▶ REQUIREMENT: Write out every line from the listing below where the string "addnC" is found.

- - - - - - -

(* Under the hypotheses of Theorem 7.3 (positive integers $a,d,r,h,n$, $r\geq2$, $\gcd(a,d)=\gcd(a,r)=1$, $d>hn(r-1)$, $a_0=a$, $a_{k+1}=ha+r^kd$ for $0\leq k\leq n$, $\{a_0,\dots,a_{n+1}\}$ minimally generating $\mathfrak{S}_{n+2}$), let $\ell_0=0$, let $\ell_i$ ($1\leq i\leq a-1$) be the digit sum of the $r$-adic representation of $i$ up to order $n$, and $L=\max\{\ell_i\mid 1\leq i\leq a-1\}$. Let $M=\mathfrak{S}_{n+2}\setminus\{0\}$ and let $\omega_{s,t}$ be the Apéry table entries defined in the context. Then for $0\leq t\leq a-1$ and $0\leq s\leq L$: $$\omega_{s,t}=\begin{cases}\ell_tha+td & \text{if } 0\leq s\leq\ell_t,\\ \ell_tha+td+(s-\ell_t)a & \text{if } \ell_t<s\leq L.\end{cases}$$
   Context: The $r$-adic representation of $i$ up to order $n$ is the unique expression $i=\sum_{k=0}^{n}\alpha_kr^k$ with nonnegative integers $\alpha_k$, $0\leq\alpha_k\leq r-1$ for $k\leq n-1$ and $\alpha_n$ unrestricted. For $n\geq1$, $nM=M+\cdots+M$ ($n$ copies). Apéry table entries: $\omega_{0,t}$ is the element of $\mathrm{Ap}(\mathfrak{S}_{n+2},a)$ congruent to $td$ modulo $a$ ($\omega_{0,0}=0$), and for $s\geq1$, $\omega_{s,t}$ is the smallest element of $sM$ congruent to $td$ modulo $a$. *)

From mathcomp Require Import all_boot.
Set Implicit Arguments. Unset Strict Implicit. Unset Printing Implicit Defensive.

Definition gen (a d r h : nat) (n : nat) (k : 'I_n.+2) : nat :=
  if val k == 0 then a else h * a + r ^ (val k).-1 * d.

Definition in_span (n : nat) (g : 'I_n.+2 -> nat) (P : pred 'I_n.+2) (x : nat) : Prop :=
  exists c : 'I_n.+2 -> nat, x = \sum_(k < n.+2 | P k) c k * g k.

Arguments gen : clear implicits.

Definition inS (n : nat) (g : 'I_n.+2 -> nat) (x : nat) : Prop := in_span g predT x.

Definition minimally_generating (n : nat) (g : 'I_n.+2 -> nat) : Prop :=
  forall j : 'I_n.+2, ~ in_span g (predC1 j) (g j).

Definition inApery (n : nat) (g : 'I_n.+2 -> nat) (a x : nat) : Prop :=
  inS g x /\ ~ (a <= x /\ inS g (x - a)).

Definition in_sM (n : nat) (g : 'I_n.+2 -> nat) (s x : nat) : Prop :=
  exists f : nat -> nat,
    (forall j, j < s -> inS g (f j) /\ 0 < f j) /\ x = \sum_(j < s) f j.

Definition is_omega (n : nat) (g : 'I_n.+2 -> nat) (a d s t v : nat) : Prop :=
  if s == 0 then inApery g a v /\ v = t * d %[mod a]
  else [/\ in_sM g s v, v = t * d %[mod a] &
          forall w, in_sM g s w -> w = t * d %[mod a] -> v <= w].

Definition radic_digit_sum (r n i : nat) : nat :=
  \sum_(k < n) (i %/ r ^ k %% r) + i %/ r ^ n.

Definition ell (r n i : nat) : nat := if i == 0 then 0 else radic_digit_sum r n i.

Definition Lmax (a r n : nat) : nat := \max_(1 <= i < a) ell r n i.

From mathcomp Require Import all_boot zify.
Set Implicit Arguments. Unset Strict Implicit. Unset Printing Implicit Defensive.

(* Every element of S is m a + \sum_i b_i (h a + r^i d) = (m + B h) a + T d with
   B = \sum_i b_i and T = \sum_i b_i r^i, and it lies in sM exactly when it can be
   written with at least s generator occurrences, m + B >= s.  The claimed value
   of omega_{s,t} is the representation taking b = the r-adic digits of t (so
   T = t and B = ell_t) and m = s - ell_t; it is in sM and congruent to t d.
   Minimality: if such a combination is congruent to t d modulo a, then, as
   gcd(a, d) = 1, T = t mod a.  Either T = t, and then B >= ell_t because the
   r-adic digits minimise the coefficient sum of a representation of t; or
   T >= a + t, and the extra a d in T d dominates, since ell_t <= n (r - 1) + B
   and d > h n (r - 1). *)

Section Sumsets.
Variables (n : nat) (g : 'I_n.+2 -> nat).

Lemma inS_add x y : inS g x -> inS g y -> inS g (x + y).
Proof.
move=> [c ->] [c' ->]; exists (fun k => c k + c' k).
by rewrite -big_split; apply: eq_bigr => k _; rewrite mulnDl.
Qed.

Lemma inS_gen k : inS g (g k).
Proof.
exists (fun j => j == k); rewrite (bigD1 k) //= eqxx mul1n big1 ?addn0 //.
by move=> j /negbTE ->.
Qed.

Lemma in_sM_add s s' x y : in_sM g s x -> in_sM g s' y -> in_sM g (s + s') (x + y).
Proof.
move=> [f [fM ->]] [f' [f'M ->]].
exists (fun j => if j < s then f j else f' (j - s)); split.
  by move=> j js; case: ifP => jl; [apply: fM | apply: f'M; lia].
rewrite big_split_ord; congr (_ + _); apply: eq_bigr => i _ /=.
  by rewrite ltn_ord.
by rewrite ltnNge leq_addr /= addKn.
Qed.

(* Merging the last two summands: (s+2)M is contained in (s+1)M. *)
Lemma in_sM_merge s x : in_sM g s.+2 x -> in_sM g s.+1 x.
Proof.
move=> [f [fM ->]].
exists (fun j => if j == s then f s + f s.+1 else f j); split.
  move=> j js; case: eqP => [_|_]; last by apply: fM; lia.
  have [Ss pos_s] := fM s (leqnSn _); have [SS pos_S] := fM s.+1 (ltnSn _).
  by split; [exact: inS_add | lia].
rewrite !big_ord_recr /= eqxx addnA.
by congr (_ + _ + _); apply: eq_bigr => i _; rewrite (ltn_eqF (ltn_ord i)).
Qed.

Lemma in_sM_le N s x : in_sM g N x -> 0 < s <= N -> in_sM g s x.
Proof.
elim: N x => [|[|N] IH] x xN /andP[s_gt0 sN]; first by exfalso; lia.
  by have -> : s = 1 by lia.
case: (ltngtP s N.+2) sN => [sN _|//|-> //].
by apply: IH; [exact: in_sM_merge | rewrite s_gt0].
Qed.

Lemma in_sM_comb (c : 'I_n.+2 -> nat) :
  (forall k, 0 < g k) -> in_sM g (\sum_k c k) (\sum_k c k * g k).
Proof.
move=> g_gt0; apply: (big_ind2 (fun N x => in_sM g N x)).
- by exists (fun _ => 0); split => //; rewrite big_ord0.
- by move=> *; exact: in_sM_add.
move=> k _; exists (fun _ => g k); split; first by split; [exact: inS_gen|].
by rewrite big_const_ord iter_addn_0 mulnC.
Qed.

Lemma comb_count_gt0 (c : 'I_n.+2 -> nat) :
  0 < \sum_k c k * g k -> 0 < \sum_k c k.
Proof.
case: (pickP (fun k => 0 < c k)) => [k ck _|c0].
  by rewrite (bigD1 k) //= ltn_addr.
by rewrite big1 // => k _; move: (c0 k); rewrite /= lt0n => /negbFE/eqP ->.
Qed.

Lemma in_sM_count s x : in_sM g s x ->
  exists c : 'I_n.+2 -> nat, x = \sum_k c k * g k /\ s <= \sum_k c k.
Proof.
elim: s x => [|s IH] x [f [fM ->]].
  by exists (fun _ => 0); rewrite big_ord0 big1.
have [|c [Ec Cc]] := IH (\sum_(j < s) f j).
  by exists f; split => // j js; apply: fM; lia.
have [[c' Ec'] fs_gt0] := fM s (ltnSn s).
exists (fun k => c k + c' k); split.
  rewrite big_ord_recr /= Ec Ec' -big_split.
  by apply: eq_bigr => k _; rewrite mulnDl.
rewrite big_split -addn1 leq_add //.
by apply: comb_count_gt0; rewrite -Ec'.
Qed.

End Sumsets.

Definition gen_comb (a d r h n m : nat) (b : nat -> nat) : nat :=
  m * a + \sum_(i < n.+1) b i * (h * a + r ^ i * d).

Section Generators.
Variables a d r h n : nat.
Local Notation g := (gen a d r h n).

Lemma gen_gt0 k : 0 < a -> 0 < h -> 0 < g k.
Proof. by move=> a_gt0 h_gt0; rewrite /gen; case: ifP => _; lia. Qed.

Lemma gen_comb_of_coeffs (c : 'I_n.+2 -> nat) : exists m (b : nat -> nat),
  \sum_k c k * g k = gen_comb a d r h n m b /\ \sum_k c k = m + \sum_(i < n.+1) b i.
Proof.
have lift0 (i : 'I_n.+1) : lift ord0 i = inord i.+1.
  by apply: val_inj; rewrite /= inordK // ltnS.
have gen_lift (i : 'I_n.+1) : g (lift ord0 i) = h * a + r ^ i * d.
  by rewrite /gen /=.
exists (c ord0), (fun i => c (inord i.+1)).
rewrite /gen_comb; split; rewrite [LHS]big_ord_recl /=; congr (_ + _);
  by apply: eq_bigr => i _; rewrite ?gen_lift lift0.
Qed.

Lemma coeffs_of_gen_comb m (b : nat -> nat) : exists c : 'I_n.+2 -> nat,
  \sum_k c k * g k = gen_comb a d r h n m b /\ \sum_k c k = m + \sum_(i < n.+1) b i.
Proof.
exists (fun k : 'I_n.+2 => if val k == 0 then m else b (val k).-1).
by rewrite /gen_comb; split; rewrite [LHS]big_ord_recl.
Qed.

Lemma gen_combE m (b : nat -> nat) : gen_comb a d r h n m b =
  (m + (\sum_(i < n.+1) b i) * h) * a + (\sum_(i < n.+1) b i * r ^ i) * d.
Proof.
rewrite /gen_comb mulnDl -addnA; congr (_ + _).
by rewrite !big_distrl -big_split; apply: eq_bigr => i _; rewrite mulnDr !mulnA.
Qed.

End Generators.

Definition digit (r n t k : nat) : nat := if k < n then t %/ r ^ k %% r else t %/ r ^ n.

Section Digits.
Variable r : nat.
Hypothesis r_gt0 : 0 < r.

Lemma digit_sumE n t : \sum_(k < n.+1) digit r n t k = radic_digit_sum r n t.
Proof.
rewrite big_ord_recr /= /digit ltnn; congr (_ + _).
by apply: eq_bigr => k _; rewrite ltn_ord.
Qed.

Lemma digit0 n t : digit r n.+1 t 0 = t %% r.
Proof. by rewrite /digit expn0 divn1. Qed.

Lemma digitS n t k : digit r n.+1 t k.+1 = digit r n (t %/ r) k.
Proof. by rewrite /digit ltnS !expnS !divnMA. Qed.

Lemma radic_digit_sumS n t :
  radic_digit_sum r n.+1 t = t %% r + radic_digit_sum r n (t %/ r).
Proof.
rewrite -!digit_sumE big_ord_recl digit0; congr (_ + _).
by apply: eq_bigr => k _; rewrite /= digitS.
Qed.

Lemma digit_valueE n t : \sum_(k < n.+1) digit r n t k * r ^ k = t.
Proof.
elim: n t => [|n IH] t; first by rewrite big_ord1 /digit expn0 divn1 muln1.
rewrite big_ord_recl digit0 expn0 muln1 {3}(divn_eq t r) addnC; congr (_ + _).
under eq_bigr => k _ do rewrite /= digitS expnS mulnCA.
by rewrite -big_distrr IH mulnC.
Qed.

Lemma radic_digit_sum_min n (b : nat -> nat) :
  radic_digit_sum r n (\sum_(k < n.+1) b k * r ^ k) <= \sum_(k < n.+1) b k.
Proof.
elim: n b => [|n IH] b.
  by rewrite !big_ord1 /radic_digit_sum big_ord0 expn0 muln1 divn1.
set u := b 0 %/ r; set b' := fun k => if k is 0 then b 1 + u else b k.+1.
set Y := \sum_(k < n.+1) b k.+1 * r ^ k.
have b'_value : \sum_(k < n.+1) b' k * r ^ k = u + Y.
  by rewrite /Y !big_ord_recl /= !expn0 !muln1 addnA [u + _]addnC.
have b'_sum : \sum_(k < n.+1) b' k = u + \sum_(k < n.+1) b k.+1.
  by rewrite !big_ord_recl /= addnA [u + _]addnC.
have b_value : \sum_(k < n.+2) b k * r ^ k = (\sum_(k < n.+1) b' k * r ^ k) * r + b 0 %% r.
  have Y_shift : \sum_(k < n.+1) b (lift ord0 k) * r ^ lift ord0 k = Y * r.
    by rewrite /Y big_distrl; apply: eq_bigr => k _; rewrite /= expnSr mulnA.
  rewrite b'_value big_ord_recl expn0 muln1 Y_shift.
  by move: (divn_eq (b 0) r); rewrite -/u /=; lia.
have b_sum : \sum_(k < n.+2) b k = b 0 + \sum_(k < n.+1) b k.+1 by rewrite big_ord_recl.
rewrite b_value radic_digit_sumS modnMDl modn_mod divnMDl // divn_small ?ltn_pmod //.
have := IH b'; rewrite addn0 b'_sum b_sum.
have : u <= u * r by rewrite leq_pmulr.
by move: (divn_eq (b 0) r); rewrite -/u; lia.
Qed.

(* Each of the first n digits is at most r - 1. *)
Lemma radic_digit_sum_le n t : radic_digit_sum r n t <= n * (r - 1) + t %/ r ^ n.
Proof.
rewrite leq_add2r -[n in n * _]card_ord -sum_nat_const; apply: leq_sum => k _.
by have := ltn_pmod (t %/ r ^ k) r_gt0; lia.
Qed.

End Digits.

Lemma eqn_modMr_coprime a d x y : coprime a d -> x * d = y * d %[mod a] -> x = y %[mod a].
Proof.
move=> cad; wlog yx : x y / y <= x => [wlog_yx|].
  by case: (leqP y x) => [/wlog_yx//| /ltnW xy xyd]; symmetry; apply: wlog_yx.
move/eqP; rewrite eqn_mod_dvd ?leq_mul2r ?yx ?orbT //.
by rewrite -mulnBl Gauss_dvdl // -eqn_mod_dvd // => /eqP.
Qed.

(* Counting bound: replacing a representation with s <= m + B occurrences, of
   which B carry weight h, by s - L unit and L weight-h occurrences (L <= B + e)
   costs at most e h more. *)
Lemma padded_count_le s L m B e h : 0 < h -> s <= m + B -> L <= B + e ->
  s - L + L * h <= m + B * h + e * h.
Proof.
case: h => // h _ s_le L_le.
have : L * h <= (B + e) * h by rewrite leq_mul2r L_le orbT.
lia.
Qed.

Section LowerBound.
Variables a d r h n : nat.
Hypotheses (a_gt0 : 0 < a) (h_gt0 : 0 < h) (r_gt0 : 0 < r) (cad : coprime a d).
Hypothesis d_large : h * n * (r - 1) < d.

Lemma gen_comb_digit_min t s m (b : nat -> nat) :
  t < a -> s <= m + \sum_(i < n.+1) b i -> gen_comb a d r h n m b = t * d %[mod a] ->
  gen_comb a d r h n (s - radic_digit_sum r n t) (digit r n t)
    <= gen_comb a d r h n m b.
Proof.
move=> t_lt_a s_le; rewrite !gen_combE digit_sumE digit_valueE //.
set L := radic_digit_sum r n t; set B := \sum_(i < n.+1) b i.
set T := \sum_(i < n.+1) b i * r ^ i; move=> comb_mod.
have T_mod : T %% a = t.
  rewrite -(modn_small t_lt_a); apply: (eqn_modMr_coprime cad).
  by rewrite -comb_mod modnMDl.
case: (ltnP T a) => [T_lt_a | a_le_T].
  have T_t : T = t by rewrite -T_mod modn_small.
  have L_le_B : L <= B by rewrite /L -T_t radic_digit_sum_min.
  rewrite T_t leq_add2r leq_mul2r; apply/orP; right.
  by rewrite -[m + _]addn0 -(mul0n h) padded_count_le // addn0.
have t_le_T : t <= T by rewrite -T_mod leq_mod.
have T_le : T <= B * r ^ n.
  rewrite /T /B big_distrl; apply: leq_sum => i _.
  by apply: leq_mul => //; apply: leq_pexp2l; rewrite // -ltnS.
have q_le_B : t %/ r ^ n <= B.
  by rewrite -(@mulnK B (r ^ n)) ?expn_gt0 ?r_gt0 // leq_div2r // (leq_trans t_le_T).
have L_le : L <= B + n * (r - 1).
  by apply: leq_trans (radic_digit_sum_le r_gt0 n t) _; rewrite addnC leq_add2r.
have T_ge : (a + t) * d <= T * d.
  rewrite leq_mul2r (divn_eq T a) T_mod leq_add2r; apply/orP; right.
  by rewrite -{1}[a]mul1n leq_mul2r divn_gt0 // a_le_T orbT.
have count : s - L + L * h <= m + B * h + d.
  apply: leq_trans (padded_count_le h_gt0 s_le L_le) _.
  by rewrite leq_add2l mulnC mulnA; apply: ltnW.
have : (s - L + L * h) * a <= (m + B * h + d) * a by rewrite leq_mul2r count orbT.
lia.
Qed.

End LowerBound.

Section Semigroup.
Variables a d r h n : nat.
Hypotheses (a_gt0 : 0 < a) (h_gt0 : 0 < h).
Local Notation g := (gen a d r h n).
Local Notation comb := (gen_comb a d r h n).

Lemma inS_gen_comb m (b : nat -> nat) : inS g (comb m b).
Proof. by have [c [<- _]] := coeffs_of_gen_comb a d r h n m b; exists c. Qed.

Lemma inS_gen_combP x : inS g x -> exists m (b : nat -> nat), x = comb m b.
Proof.
by move=> [c ->]; have [m [b [-> _]]] := gen_comb_of_coeffs a d r h c; exists m, b.
Qed.

Lemma in_sM_gen_comb s m (b : nat -> nat) :
  0 < s <= m + \sum_(i < n.+1) b i -> in_sM g s (comb m b).
Proof.
have [c [<- <-]] := coeffs_of_gen_comb a d r h n m b.
by apply: in_sM_le; apply: in_sM_comb => k; apply: gen_gt0.
Qed.

Lemma in_sM_gen_combP s x : in_sM g s x ->
  exists m (b : nat -> nat), x = comb m b /\ s <= m + \sum_(i < n.+1) b i.
Proof.
move=> /in_sM_count [c [-> s_le]].
have [m [b [-> count]]] := gen_comb_of_coeffs a d r h c.
by exists m, b; rewrite -count.
Qed.

End Semigroup.

Lemma gen_comb_digit_mod a d r h n m t : 0 < r ->
  gen_comb a d r h n m (digit r n t) = t * d %[mod a].
Proof. by move=> r_gt0; rewrite gen_combE digit_valueE // modnMDl. Qed.

Lemma ell_radic_digit_sum r n t : ell r n t = radic_digit_sum r n t.
Proof.
rewrite /ell; case: eqP => // ->.
by rewrite /radic_digit_sum div0n addn0 big1 // => k _; rewrite div0n mod0n.
Qed.

Lemma omega_valueE a d r h n s t : 0 < r ->
  (if s <= ell r n t then ell r n t * h * a + t * d
   else ell r n t * h * a + t * d + (s - ell r n t) * a)
  = gen_comb a d r h n (s - ell r n t) (digit r n t).
Proof.
move=> r_gt0; rewrite gen_combE digit_sumE digit_valueE // -ell_radic_digit_sum.
by case: leqP => [/eqP-> | _]; rewrite ?add0n ?mul0n; lia.
Qed.

Theorem theorem7p5 (a d r h n : nat) :
  0 < a -> 0 < d -> 0 < h -> 0 < n -> 2 <= r ->
  coprime a d -> coprime a r ->
  h * n * (r - 1) < d ->
  minimally_generating (gen a d r h n) ->
  forall t s, t <= a - 1 -> s <= Lmax a r n ->
    is_omega (gen a d r h n) a d s t
      (if s <= ell r n t then ell r n t * h * a + t * d
       else ell r n t * h * a + t * d + (s - ell r n t) * a).
Proof.
move=> a_gt0 _ h_gt0 _ r_ge2 cad _ d_large _ t s t_le _.
have t_lt_a : t < a by lia.
have r_gt0 : 0 < r by apply: leq_trans r_ge2.
rewrite omega_valueE // ell_radic_digit_sum.
have v_mod m := gen_comb_digit_mod a d h n m t r_gt0.
have v_min := gen_comb_digit_min a_gt0 h_gt0 r_gt0 cad d_large t_lt_a.
rewrite /is_omega; case: eqP => [-> | /eqP s_neq0].
  set v := gen_comb _ _ _ _ _ _ _.
  split; last exact: v_mod.
  split=> [|[a_le /inS_gen_combP[m [b comb_eq]]]]; first exact: inS_gen_comb.
  have v_shift : v - a = v %[mod a] by rewrite -{2}(subnK a_le) modnDr.
  have : v <= gen_comb a d r h n m b by rewrite v_min // -comb_eq v_shift /v v_mod.
  by rewrite -comb_eq; lia.
split=> // [|w /in_sM_gen_combP[m [b [-> s_le]]] w_mod]; last exact: v_min.
apply: in_sM_gen_comb => //; rewrite digit_sumE lt0n s_neq0 /=; lia.
Qed.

- - - - - - -

▶ PROBLEM SOLUTION:
rewrite big_ord_recl digit0 expn0 muln1 {3}(divn_eq t r) addnC; congr (_ + _).
  by rewrite /Y !big_ord_recl /= !expn0 !muln1 addnA [u + _]addnC.
  by rewrite !big_ord_recl /= addnA [u + _]addnC.
  by apply: leq_trans (radic_digit_sum_le r_gt0 n t) _; rewrite addnC leq_add2r.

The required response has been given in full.